Anyone know a good air guitar repair man?
I broke mine in the last battle.
[guy who’s about to invent urinals]
*peeing* i hate having privacy
Waking up in 2016: [immediately makes coffee]
Waking up in 2017: [immediately checks to see if WW3 has started]
Waiter you misunderstand me. I didn’t say “I need a Mountain Dew: Code Red.” I was letting you know how badly I need a regular Mountain Dew.
Everyone talks about Greenland and Iceland having misleading names, but I think it’s bullshit that Finland isn’t an underwater country full of fish people.
The Internet: An electronic version of, “Now, why did I walk into this room?”
Teleportation seems like an awesome idea until Creepy Stan from down the street is suddenly washing your back in the shower.
Just got a residual check for 6 dollars for my scene in Almost Famous sooo…going to Vegas!!!!!!!!
The difference between a biography and an autobiography is self-explanatory.

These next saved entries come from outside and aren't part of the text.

(* Let $\tau$ be a trace and $S\in\mathsf{sched}(\tau)$. Let $S'$ be an interleaving with $S'\notin\mathsf{sched}(\tau)$. Then $S\not\approx S'$.
   Context: Setting: a generic asynchronous message-passing language. There are pairwise disjoint domains of process identifiers (pids), message values, and message tags, a domain of constraints, and a decidable function $\mathsf{match}$ with $\mathsf{match}(v,cs)\in\{\mathit{true},\mathit{false}\}$. An event has the form $p\!:\!a$ where $p$ is a pid and $a$ is one of the actions $\mathsf{spawn}(p')$, $\mathsf{send}(\ell,v,p')$ (message with tag $\ell$, value $v$, target $p'$), $\mathsf{rec}(\ell,cs)$ (reception of message with tag $\ell$ by a receive with constraint $cs$). For a finite sequence of events $S=(e_1,\dots,e_n)$, $e_i\prec_S e_j$ means $i<j$, and $\mathsf{actions}(p,S)$ is the sequence of actions of the events of pid $p$ in $S$, in order. A sequence $S=(p_1\!:\!a_1,\dots,p_n\!:\!a_n)$ is an interleaving with initial pid $p_1$ if: (1) each event $p_j\!:\!a_j$ is either preceded in $S$ by an event $p_i\!:\!\mathsf{spawn}(p_j)$ with $p_i\neq p_j$, or $p_j=p_1$; (2) each event $p_j\!:\!\mathsf{rec}(\ell,cs)$ is preceded in $S$ by an event $p_i\!:\!\mathsf{send}(\ell,v,p_j)$ with $\mathsf{match}(v,cs)=\mathit{true}$; (3) for each pair of events $p_i\!:\!\mathsf{send}(\ell,v,p_j)$, $p_j\!:\!\mathsf{rec}(\ell,cs)$ in $S$ and every $p_i\!:\!\mathsf{send}(\ell',v',p_j)\in S$ preceding $p_i\!:\!\mathsf{send}(\ell,v,p_j)$ in $S$, either $\mathsf{match}(v',cs)=\mathit{false}$ or some event $p_j\!:\!\mathsf{rec}(\ell',cs')\in S$ precedes $p_j\!:\!\mathsf{rec}(\ell,cs)$ in $S$; (4) each pid appears as argument of $\mathsf{spawn}$ in at most one event and each tag appears as argument of $\mathsf{send}$ in at most one event. Happened-before: for an interleaving $S=(e_1,\dots,e_n)$ with $e_i=p_i\!:\!a_i$, $e_j=p_j\!:\!a_j$, $i<j$, we have $e_i\leadsto_S e_j$ if $p_i=p_j$, or $a_i=\mathsf{spawn}(p_j)$, or $a_i=\mathsf{send}(\ell,v,p_j)$ and $a_j=\mathsf{rec}(\ell,cs)$; and $\leadsto_S$ is closed under transitivity. Two events are independent if neither happened before the other. Two interleavings $S_1,S_2$ with the same initial pid are causally equivalent, $S_1\approx S_2$, if $S_2$ can be obtained from $S_1$ by a finite number of swaps of consecutive independent events. For an interleaving $S$ with pids $p_1,\dots,p_n$, $\mathit{tr}(S)=[p_1\mapsto\mathsf{actions}(p_1,S);\dots;p_n\mapsto\mathsf{actions}(p_n,S)]$. A trace with initial pid $p_0$ is a mapping $\tau$ from pids to sequences of actions such that $\tau=\mathit{tr}(S)$ for some interleaving $S$ with initial pid $p_0$. For a trace $\tau$ with initial pid $p_0$, $\mathsf{sched}(\tau)$ is the set of all interleavings $S$ with initial pid $p_0$ such that $\mathit{tr}(S)=\tau$. *)

From mathcomp Require Import all_boot.
From Stdlib Require Import Relations.
Set Implicit Arguments. Unset Strict Implicit. Unset Printing Implicit Defensive.

Section Interleavings.
Variables (Pid Val Tag Cs : eqType) (match_ : Val -> Cs -> bool).

Inductive action :=
| Spawn of Pid
| Send of Tag & Val & Pid
| Rec of Tag & Cs.

Definition event : Type := (Pid * action)%type.

(* i-th event of S (0-based), if any *)
Definition ev (S : seq event) (i : nat) : option event := onth S i.

Definition actions (p : Pid) (S : seq event) : seq action :=
  [seq e.2 | e <- S & e.1 == p].

Definition interleaving (p0 : Pid) (S : seq event) : Prop :=
  (forall e, ev S 0 = Some e -> e.1 = p0) /\
  (forall j p a, ev S j = Some (p, a) ->
     p = p0 \/ exists i q, i < j /\ ev S i = Some (q, Spawn p) /\ q <> p) /\
  (forall j p l cs, ev S j = Some (p, Rec l cs) ->
     exists i q v, i < j /\ ev S i = Some (q, Send l v p) /\ match_ v cs = true) /\
  (forall i j pi pj l v cs,
     ev S i = Some (pi, Send l v pj) -> ev S j = Some (pj, Rec l cs) ->
     forall k l' v', k < i -> ev S k = Some (pi, Send l' v' pj) ->
       match_ v' cs = false \/
       exists m cs', m < j /\ ev S m = Some (pj, Rec l' cs')) /\
  (forall i j q q' p, ev S i = Some (q, Spawn p) -> ev S j = Some (q', Spawn p) -> i = j) /\
  (forall i j q q' l v v' p p',
     ev S i = Some (q, Send l v p) -> ev S j = Some (q', Send l v' p') -> i = j).

Definition hb1 (S : seq event) (i j : nat) : Prop :=
  exists pi ai pj aj, i < j /\ ev S i = Some (pi, ai) /\ ev S j = Some (pj, aj) /\
    (pi = pj \/ ai = Spawn pj \/
     exists l v cs, ai = Send l v pj /\ aj = Rec l cs).

Definition hb (S : seq event) : nat -> nat -> Prop := clos_trans nat (hb1 S).

Definition independent (S : seq event) (i j : nat) : Prop :=
  ~ hb S i j /\ ~ hb S j i.

Definition swap_step (S1 S2 : seq event) : Prop :=
  exists A e1 e2 B, S1 = A ++ e1 :: e2 :: B /\ S2 = A ++ e2 :: e1 :: B /\
    independent S1 (size A) (size A).+1.

Definition causally_equiv (S1 S2 : seq event) : Prop :=
  exists p0, interleaving p0 S1 /\ interleaving p0 S2 /\
    clos_refl_trans (seq event) swap_step S1 S2.

(* traces are represented as total maps Pid -> seq action; pids not
   occurring in S are mapped to the empty sequence *)
Definition tr (S : seq event) : Pid -> seq action := fun p => actions p S.

Definition is_trace (p0 : Pid) (tau : Pid -> seq action) : Prop :=
  exists S, interleaving p0 S /\ forall p, tr S p = tau p.

Definition in_sched (p0 : Pid) (tau : Pid -> seq action) (S : seq event) : Prop :=
  interleaving p0 S /\ forall p, tr S p = tau p.

End Interleavings.

From mathcomp Require Import all_boot.
From Stdlib Require Import Relations.
Set Implicit Arguments.

(** Swapping two consecutive independent events cannot exchange two events of
    the same process, since those are ordered by happened-before; hence every
    swap, and so every causally equivalent interleaving, has the same trace.
    Swaps also preserve length, and a nonempty interleaving determines its
    initial pid (that of its first event), so an interleaving causally
    equivalent to [S] lies in [sched(tr S)]. *)

Lemma clos_refl_trans_inv (T U : Type) (R : relation T) (f : T -> U) :
  (forall x y, R x y -> f x = f y) ->
  forall x y, clos_refl_trans T R x y -> f x = f y.
Proof. by move=> Rf x y; elim=> [u v /Rf | u | u v w _ -> _ ->]. Qed.

Section Swaps.
Variables (Pid Val Tag Cs : eqType) (match_ : Val -> Cs -> bool).
Implicit Types (S : seq (event Pid Val Tag Cs)) (e : event Pid Val Tag Cs).

Lemma independent_consecutive_pid_neq A e1 e2 B :
  independent (A ++ e1 :: e2 :: B) (size A) (size A).+1 -> e1.1 <> e2.1.
Proof.
case=> not_hb _ same_pid; apply: not_hb; apply: t_step.
exists e1.1, e1.2, e2.1, e2.2.
rewrite /ev !onth_cat ltnn subnn (ltnNge _.+1) leqnSn subSnn.
by case: e1 e2 same_pid => [p1 a1] [p2 a2] /= ->; do 3!split=> //; left.
Qed.

Lemma swap_step_size S1 S2 : swap_step S1 S2 -> size S1 = size S2.
Proof. by case=> A [e1] [e2] [B] [-> [-> _]]; rewrite !size_cat. Qed.

Lemma swap_step_tr p S1 S2 : swap_step S1 S2 -> tr S1 p = tr S2 p.
Proof.
case=> A [e1] [e2] [B] [-> [-> /independent_consecutive_pid_neq pid12]].
rewrite /tr /actions !filter_cat !map_cat /=.
case: (eqVneq e1.1 p) => [<-|_]; case: (eqVneq e2.1 e1.1) => //= pid21.
by case: (pid12 (esym pid21)).
Qed.

Lemma swaps_size S1 S2 :
  clos_refl_trans _ (@swap_step Pid Val Tag Cs) S1 S2 -> size S1 = size S2.
Proof. exact: (clos_refl_trans_inv (@size _) swap_step_size). Qed.

Lemma swaps_tr p S1 S2 :
  clos_refl_trans _ (@swap_step Pid Val Tag Cs) S1 S2 -> tr S1 p = tr S2 p.
Proof. exact: (clos_refl_trans_inv (fun S => tr S p) (swap_step_tr p)). Qed.

Lemma interleaving_nil (p0 : Pid) :
  interleaving match_ p0 ([::] : seq (event Pid Val Tag Cs)).
Proof.
have ev_nil i : ev ([::] : seq (event Pid Val Tag Cs)) i = None by case: i.
by do !split=> *; match goal with H : ev _ _ = Some _ |- _ => rewrite ev_nil in H end.
Qed.

Lemma interleaving_initial_pid_uniq p p' e S :
  interleaving match_ p (e :: S) -> interleaving match_ p' (e :: S) -> p = p'.
Proof. by move=> [init_p _] [init_p' _]; rewrite -(init_p e) // (init_p' e). Qed.

End Swaps.

Theorem theorem2 (Pid Val Tag Cs : eqType) (match_ : Val -> Cs -> bool)
  (p0 : Pid) (tau : Pid -> seq (action Pid Val Tag Cs)) :
  is_trace match_ p0 tau ->
  forall (S S' : seq (event Pid Val Tag Cs)) (q0 : Pid),
    in_sched match_ p0 tau S ->
    interleaving match_ q0 S' ->
    ~ in_sched match_ p0 tau S' ->
    ~ causally_equiv match_ S S'.
Proof.
move=> _ S S' _ [HS trS] _ not_sched [p1 [HS1 [HS'1 swaps]]].
apply: not_sched; split; last first.
  by move=> p; rewrite -trS (swaps_tr p swaps).
move: (swaps_size swaps) => {swaps trS}.
case: S' HS'1 => [_ _|e' S' HS'1]; first exact: interleaving_nil.
by case: S HS HS1 => // e S HS HS1 _; rewrite (interleaving_initial_pid_uniq HS HS1).
Qed.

Getting my hair done Monday.
Good news for the kids who scream “WITCH” as they pass by my house, bad news for the birds that live in it.
*Making friends at the playground*
My 6yo: How old are you?
Other kid: I’m 13. What about you?
6yo: Oh I’m almost 13 – I’m 6.
My 4yo: *casually* I’m 15.
Sometimes a walk down memory lane is more of a blind, panicked sprint complete with windmill arms.
[gains weight] ugh clothes don’t fit
[loses weight] ugh clothes don’t fit
[drops capsule in woman’s drink] Maybe when that’s finished, we can get out of here? [green sponge dinosaur grows out of glass] Ready to go?
*turns Foo Fighters up on the radio*
ME: hell yeah
13: hell yeah, the classics
*clicks the radio OFF*
ME: you’re grounded
Doctor: Are you sexually active?
Me: I’ve got 21K followers on Twitter.
Doctor: A simple “No” would have been sufficient.
FFS. A bunch of ants are making brunch plans and doing yoga,because I spilled my Pumpkin Spice Latte,
Haters gonna hate. And hater stabbers gonna hater stab.
I hate when someone is killed in a movie. While normal ppl watch the scene, all i’m doing is try to catch the dead character breathing.
i wanna be one of those basic girls that’s really good at making shark coochie boards or whatever. you know, these.
Prometheus? I never even heard of Amaturemetheus.
Daughter: What’s a warehouse?
Me: It’s a man who was bitten by a house, and is then cursed to transform into a house at every full moon.
Daughter: Wow.
Me: *Nodding as I exhale a huge bong rip*
Take a stand against childhood obesity by chasing little fat kids down the street.
5: why don’t we have an elf-on-the-shelf?
me: oh honey, it’s not that we don’t love you, it’s just that we don’t hate ourselves
She believed she could so she did and now I have a meeting with her teacher and the principal.